Reactions: Like 7 | Way Cool 1


----------



## Mike1950 (Oct 20, 2019)

Plastering- If I had a job in wood industry it would become just that -just a job...

Reactions: Like 2 | Agree 1 | Sincere 1


----------



## Tony (Oct 20, 2019)

I would like the freedom to make whatever I wanted, not having to worry about what will sell or what other people want.

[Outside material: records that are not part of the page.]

(* A left eigenvector of H(pi) yields, after padding, an eigenvector of the
   Dirichlet problem for Hadj gamma, with gamma > 0. *)
Theorem mainTheorem8 (R : realType) (C d : nat) (sigma : R) (pi : nat -> R) :
  (1 <= C)%N -> (1 <= d)%N -> 0 < sigma -> is_pi C d sigma pi ->
  forall z : R[i],
    eigenvalue (map_mx (fun x : R => x%:C) (Hmat C d sigma pi)) z ->
    complex.Im z = 0 /\ complex.Re z < -1.
Proof.
move=> _ d_gt0 sigma_gt0 pi_sol z /eigenvalueP [v eig v_neq0].
apply: (@Hadj_eigenvalue _ C (gamma sigma d pi) _ (row_seq v)).
- by move=> m /andP[_ le_mC]; apply: (gamma_gt0 pi_sol d_gt0 sigma_gt0 le_mC).
- by [].
- exact: row_seq_out.
- move=> [//|j] /andP[_ lt_jC].
  move/rowP: eig => /(_ (Ordinal lt_jC)).
  by rewrite Hmat_row_action mxE -(row_seqS v (Ordinal lt_jC)).
- exact: row_seq_neq0.
Qed.
(* Since Lam is F-invariant, so is its annihilator: Shat F = G Shat for some
   G.  Differentiating Psi(t, 0) = L(t) e^{Ft} gives L' = Acl L - L F, hence
   S = Shat L^-1 satisfies S' = G S - S Acl and the sliding variable
   sigma = S y obeys  sigma' = G sigma + S B (u + Delta - K y).  By periodicity
   the rank condition makes S B invertible at every time.  So sigma = 0 on
   [t0, oo) forces sigma' = 0 there, i.e. u = K y - Delta; conversely this
   control reduces the equation to sigma' = G sigma, whose only solution
   vanishing at t0 is zero (the energy e^{-Ct} |sigma|^2 is nonincreasing). *)

Lemma annihilator_invariant (R : fieldType) n k (F Lam : 'M[R]_n) (S : 'M[R]_(k, n)) :
  (Lam *m F^T <= Lam)%MS -> S *m Lam^T = 0 -> (\rank Lam + \rank S = n)%N ->
  exists G : 'M[R]_k, S *m F = G *m S.
Proof.
move=> LamF SLam rkLS.
have S_ker : (S <= kermx Lam^T)%MS by rewrite sub_kermx SLam.
have ker_S : (kermx Lam^T <= S)%MS.
  have [_ <-] := mxrank_leqif_sup S_ker.
  by rewrite mxrank_ker mxrank_tr -[X in (X - _)%N]rkLS addKn.
have /submxP[D LamFD] := LamF.
have SF_S : (S *m F <= S)%MS.
  apply: submx_trans ker_S; rewrite sub_kermx.
  by rewrite -mulmxA -[F]trmxK -trmx_mul LamFD trmx_mul mulmxA SLam mul0mx.
by exists (S *m F *m pinvmx S); rewrite mulmxKpV.
Qed.

Section Periodicity.
Variables (R : realType) (X : Type) (f : R -> X) (P : R).
Hypothesis fP : forall t, f (t + P) = f t.

Lemma periodicMn k t : f (t + k%:R * P) = f t.
Proof.
by elim: k t => [|k IHk] t; rewrite ?mul0r ?addr0 // mulrSr mulrDl mul1r addrA fP.
Qed.
Lemma Theta_layerE n (y : burnside (gT * cT)%type) (K : {group gT}) (rho : gT -> cT) :
  K \subset G -> ~~ cyclic K -> is_hom K C rho -> (n <= #|K|)%N ->
  Theta_layer n y (graph K rho) = y (graph K rho) *+ p *+ (#|K| == n).
Proof.
move=> sKG ncK hK leKn; rewrite /Theta_layer sum_ffunE.
rewrite (eq_bigr (fun i : {group gT} * {ffun gT -> cT} =>
  ((graph K rho == graph i.1 i.2) : nat)%:Z *+ p *~ y (graph K rho)));
  last first.
  move=> i /andP[ti /eqP szi].
  rewrite ffunMzE ThetaE_large ?card_graph ?szi ?theta_index_Lc_proper //.
  by have [-> // | _] := eqVneq (graph K rho) (graph i.1 i.2); rewrite mul0rn !mul0rz.
have [i0 [ti0 i0K gi0]] := theta_index_of_hom sKG ncK hK.
have [eqKn|neKn] := eqVneq #|K| n.
  rewrite (bigD1 i0) /=; last by rewrite ti0 i0K eqKn eqxx.
  rewrite gi0 eqxx big1 ?addr0 => [|j /andP[/andP[tj _] neji]]; first by rewrite mulrzz mulr_natl.
  suff /negPf-> : graph K rho != graph j.1 j.2 by rewrite mul0rn mul0rz.
  by apply: contra neji => /eqP eq_Kj; rewrite (theta_index_graph_inj tj ti0) // gi0 eq_Kj.
rewrite big1 // => j /andP[_ /eqP szj].
suff /negPf-> : graph K rho != graph j.1 j.2 by rewrite mul0rn mul0rz.
by apply: contra neKn => /eqP eq_Kj; rewrite -(card_graph K rho) eq_Kj card_graph szj.
Qed.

Tony

Reactions: Like 4 | Agree 1


----------



## barry richardson (Oct 20, 2019)

I guess I already kinda have my dream woodworking gig, I'm retired from working for the "Man". At this point in my life and after many years of accumulating equipment, I'm pretty well outfitted, sell a few things I make, enough to support my habit, otherwise, I make whatever whim grabs me, whenever I feel like it, which is pretty much every day, and my wife is supportive

Reactions: Like 5 | Way Cool 2 | +Karma 2 | Sincere 1


----------



## Sprung (Oct 20, 2019)

While I'm always wishing for more time in the shop, I wouldn't want to make woodworking my job. I like it too much as a hobby and I would probably enjoy it less if it's my job.

Reactions: Like 1 | Agree 3


----------



## trc65 (Oct 20, 2019)

I've always loved seeing a fresh cut log and discovering what is inside, so my dream job would be a saw mill OWNER. Note I said OWNER, not operator. 

Like others above, working full time for pay in WW would probably kill the joy I get from it as a hobby. Owning a mill however, would allow much of the joy ( and source of the best wood) without the day to day monotony.

Reactions: Like 3


----------



## Nature Man (Oct 20, 2019)

Would have to be something to do with milling. Sawing wood has always been a kick for me, but to do it on a big scale would be pretty exciting. Production is another one of my likes. But, operation would have to have a focus on exotic woods. Chuck

Reactions: Like 3


----------



## Brink (Oct 20, 2019)

My dream job would be getting paid to stay off woodworking forums.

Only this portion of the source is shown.